Most of the Patroni failover events in the last 3 months appear to be caused by short-lived network connectivity disruption involving the current Patroni leader (i.e. the primary database). When that disruption lasts significantly less time than a failover would take, it would cause less impact to our services to avoid the failover. Addressing the network connectivity instability is a separate issue. This change only aims to improve the end-user experience by making Patroni wait a little longer before initiating failover.

Related reading:

Short on time? This note concisely and concretely summarizes the 3 known flavors of how Patroni failovers are being triggered in our gprd environment. It then outlines how each of the proposed remedies can improve the outcome.
This note describes in more detail the rationale behind this config change, as well as a few additional changes.
This issue corresponds directly to this configuration change.

Change request:

Change Objective	Describe the objective of the change
Change Type	C1
Services Impacted	Patroni
Change Team Members	@msmiley
Change Severity	~S3 Not applying the change makes it likely that we will continue to have unwanted Patroni failover events. Applying the change could potentially cause a Patroni failover event, which is why early steps in the sequence ask Patroni to forbid failovers during the maintenance window.
Buddy check	@ahmadsherif
Tested in staging	The change was tested on staging environment
Schedule of the change	2019-10-10 19:00 UTC (near the start of our production change window)
Duration of the change	30-60 minutes ( including a possible rollback )
Downtime Component	None expected, but a Patroni failover may occur if something unplanned occurs.

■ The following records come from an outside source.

(* Let $n\ge1$. If $f,g,h:\Omega_n\to\mathbb{R}$ have mutually disjoint supports, then $(f+g+h)^\wedge=(f+g)^\wedge+(f+h)^\wedge+(g+h)^\wedge-\widehat{f}-\widehat{g}-\widehat{h}$.
   Context: $\Omega_n=\{\omega_0,\dots,\omega_{2^n-1}\}$ is the set of strings $\alpha_0\alpha_1\cdots\alpha_n$ with $\alpha_k\in\{0,1\}$, $\alpha_0=0$ ($\omega_j$ being the binary representation of $j$). For $u:\Omega_n\to[0,\infty)$, $\widehat{u}$ is the $2^n\times2^n$ matrix with entries $\widehat{u}_{jk}=\min[u(\omega_j),u(\omega_k)]$. For arbitrary $f:\Omega_n\to\mathbb{R}$, write $f=f^+-f^-$ with $f^+,f^-\ge0$, $f^+f^-=0$, and set $\widehat{f}=\widehat{f^+}-\widehat{f^-}$; $(f)^\wedge$ means $\widehat{f}$. *)

From HB Require Import structures.
From mathcomp Require Import all_boot all_order all_algebra.
From mathcomp Require Import reals.
Set Implicit Arguments. Unset Strict Implicit. Unset Printing Implicit Defensive.
Import Order.TTheory GRing.Theory Num.Theory.
Local Open Scope ring_scope.

(* Omega_n = {omega_0, ..., omega_(2^n - 1)}, omega_j the binary string of j
   (length n+1, leading digit 0).  We identify omega_j with its index j,
   so Omega_n is represented by the ordinal type 'I_(2^n). *)
Definition Omega (n : nat) : finType := 'I_(2 ^ n).

Definition pos_part {R : realType} n (f : Omega n -> R) : Omega n -> R :=
  fun x => Num.max (f x) 0.
Definition neg_part {R : realType} n (f : Omega n -> R) : Omega n -> R :=
  fun x => Num.max (- f x) 0.

Definition hat_nonneg {R : realType} n (u : Omega n -> R) : 'M[R]_(2 ^ n) :=
  \matrix_(j, k) Num.min (u j) (u k).

Definition hat {R : realType} n (f : Omega n -> R) : 'M[R]_(2 ^ n) :=
  hat_nonneg (pos_part f) - hat_nonneg (neg_part f).

Definition supp {R : realType} n (f : Omega n -> R) : {set Omega n} :=
  [set x | f x != 0].

From HB Require Import structures.
From mathcomp Require Import all_boot all_order all_algebra.
From mathcomp Require Import reals.
From mathcomp Require Import ring.
Set Implicit Arguments. Unset Strict Implicit.
Import Order.TTheory GRing.Theory Num.Theory.
Local Open Scope ring_scope.

(* Entry (j, k) of hat F depends only on F j and F k, through a function E
   vanishing as soon as one argument is 0.  Such an E is additive in each
   argument over sums of terms at most one of which is nonzero, so both sides
   expand into the nine terms E (f j) (f k), E (f j) (g k), ...; each
   off-diagonal term occurs in exactly one pair sum on the right, and each
   diagonal term in two of them, minus once. *)

Section ZeroAbsorbing.

Variables (V : zmodType) (W : comPzRingType) (E : V -> V -> W).
Hypotheses (E0l : forall b, E 0 b = 0) (E0r : forall a, E a 0 = 0).

Lemma zero_or_addl (a1 a2 a3 : V) :
  a1 = 0 \/ a3 = 0 -> a2 = 0 \/ a3 = 0 -> a1 + a2 = 0 \/ a3 = 0.
Proof. by move=> [-> | ->]; [case=> [->|->]; [left; rewrite addr0 | right] | right]. Qed.

Lemma zero_absorbing_addl (a1 a2 b : V) :
  a1 = 0 \/ a2 = 0 -> E (a1 + a2) b = E a1 b + E a2 b.
Proof. by move=> [-> | ->]; rewrite ?add0r ?addr0 E0l ?add0r ?addr0. Qed.

Lemma zero_absorbing_addr (a b1 b2 : V) :
  b1 = 0 \/ b2 = 0 -> E a (b1 + b2) = E a b1 + E a b2.
Proof. by move=> [-> | ->]; rewrite ?add0r ?addr0 E0r ?add0r ?addr0. Qed.

Lemma zero_absorbing_incl_excl3 (a1 a2 a3 b1 b2 b3 : V) :
  a1 = 0 \/ a2 = 0 -> a1 = 0 \/ a3 = 0 -> a2 = 0 \/ a3 = 0 ->
  b1 = 0 \/ b2 = 0 -> b1 = 0 \/ b3 = 0 -> b2 = 0 \/ b3 = 0 ->
  E (a1 + a2 + a3) (b1 + b2 + b3) =
    E (a1 + a2) (b1 + b2) + E (a1 + a3) (b1 + b3) + E (a2 + a3) (b2 + b3)
    - E a1 b1 - E a2 b2 - E a3 b3.
Proof.
move=> a12 a13 a23 b12 b13 b23.
have a12_3 := zero_or_addl a13 a23; have b12_3 := zero_or_addl b13 b23.
rewrite !zero_absorbing_addl // !zero_absorbing_addr //.
ring.
Qed.

End ZeroAbsorbing.

Definition hat_entry {R : realType} (a b : R) : R :=
  Num.min (Num.max a 0) (Num.max b 0) - Num.min (Num.max (- a) 0) (Num.max (- b) 0).

Lemma hatE {R : realType} n (F : Omega n -> R) j k : hat F j k = hat_entry (F j) (F k).
Proof. by rewrite /hat !mxE. Qed.

Lemma hat_entry0l {R : realType} (b : R) : hat_entry 0 b = 0.
Proof.
rewrite /hat_entry oppr0 maxxx.
by rewrite !min_l ?subrr // le_max lexx orbT.
Qed.

Lemma hat_entry0r {R : realType} (a : R) : hat_entry a 0 = 0.
Proof.
rewrite /hat_entry oppr0 maxxx.
by rewrite !min_r ?subrr // le_max lexx orbT.
Qed.

Lemma disjoint_suppP {R : realType} n (f g : Omega n -> R) :
  [disjoint supp f & supp g] -> forall x, f x = 0 \/ g x = 0.
Proof.
move=> /pred0P fg x; have := fg x; rewrite /= !inE.
by case: (eqVneq (f x) 0) => [|_ /eqP]; auto.
Qed.

Theorem lemma5p4 (R : realType) (n : nat) (f g h : Omega n -> R) :
  (0 < n)%N ->
  [disjoint supp f & supp g] ->
  [disjoint supp f & supp h] ->
  [disjoint supp g & supp h] ->
  hat (fun x => f x + g x + h x) =
    hat (fun x => f x + g x) + hat (fun x => f x + h x) + hat (fun x => g x + h x)
    - hat f - hat g - hat h.
Proof.
move=> _ /disjoint_suppP fg /disjoint_suppP fh /disjoint_suppP gh.
apply/matrixP => j k; rewrite !(hatE, mxE).
exact: (zero_absorbing_incl_excl3 (W := R) (@hat_entry0l R) (@hat_entry0r R)
  (fg j) (fh j) (gh j) (fg k) (fh k) (gh k)).
Qed.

Detailed steps for the change:

1. Check initial state. Run this on any Patroni cluster member (e.g. `patroni-01`).

Command: gitlab-patronictl list
Command: gitlab-patronictl show-config
Verify all Patroni cluster members are healthy and running the Patroni agent.
Note which Patroni member is the current leader.
Note the initial config, for comparison later.

2. Disable chef-client on all Patroni cluster members, so it does not race with the dynamic config changes to be applied below.

Command (for production only): export TARGET_ENV="gprd"
Command (for staging only): export TARGET_ENV="gstg"
Command: knife ssh "roles:${TARGET_ENV}-base-db-patroni" 'sudo systemctl stop chef-client.service'
Verify there are no residual chef-client processes running:
- Command: knife ssh "roles:${TARGET_ENV}-base-db-patroni" 'pgrep -a -f "chef-client"'

3. Pause Patroni auto-failover. Run this once on any Patroni cluster member (e.g. `patroni-01`).

Purpose: This step forbids failover from occurring, instructing all cluster members to continue to treat the current Patroni leader as the leader until further notice. This protects against failover when the current Patroni leader's consul session is dropped and recreated to adjust its TTL.
Command: gitlab-patronictl pause --wait
Note: The pause and resume subcommands emit a clear error message if the cluster is already at the requested state.

4. Update only the intended DCS keys (`ttl` and `retry_timeout`), leaving the others unaltered (especially the `pause` state flag). Run this on any Patroni cluster member (e.g. `patroni-01`).

Command (interactive): gitlab-patronictl edit-config --set ttl=90 --set retry_timeout=30
The above command will interactively prompt for confirmation after showing the diffs it will apply to the current runtime config.
Verify the Patroni leader role does not change.
- Command: gitlab-patronictl list
- Command: sudo tail -f /var/log/gitlab/patroni/patroni.log
Verify the Patroni nodes acquire new Consul sessions with the new TTL. Note the TTL stored in Consul is always half the value specified in the Patroni config.
- Command: curl -s http://127.0.0.1:8500/v1/session/list | jq -c '.[] | { ID, Name, TTL, Checks }' | grep 'pg-ha-cluster' | sort

5. Merge the `chef-repo` merge request to update the patroni.yml file.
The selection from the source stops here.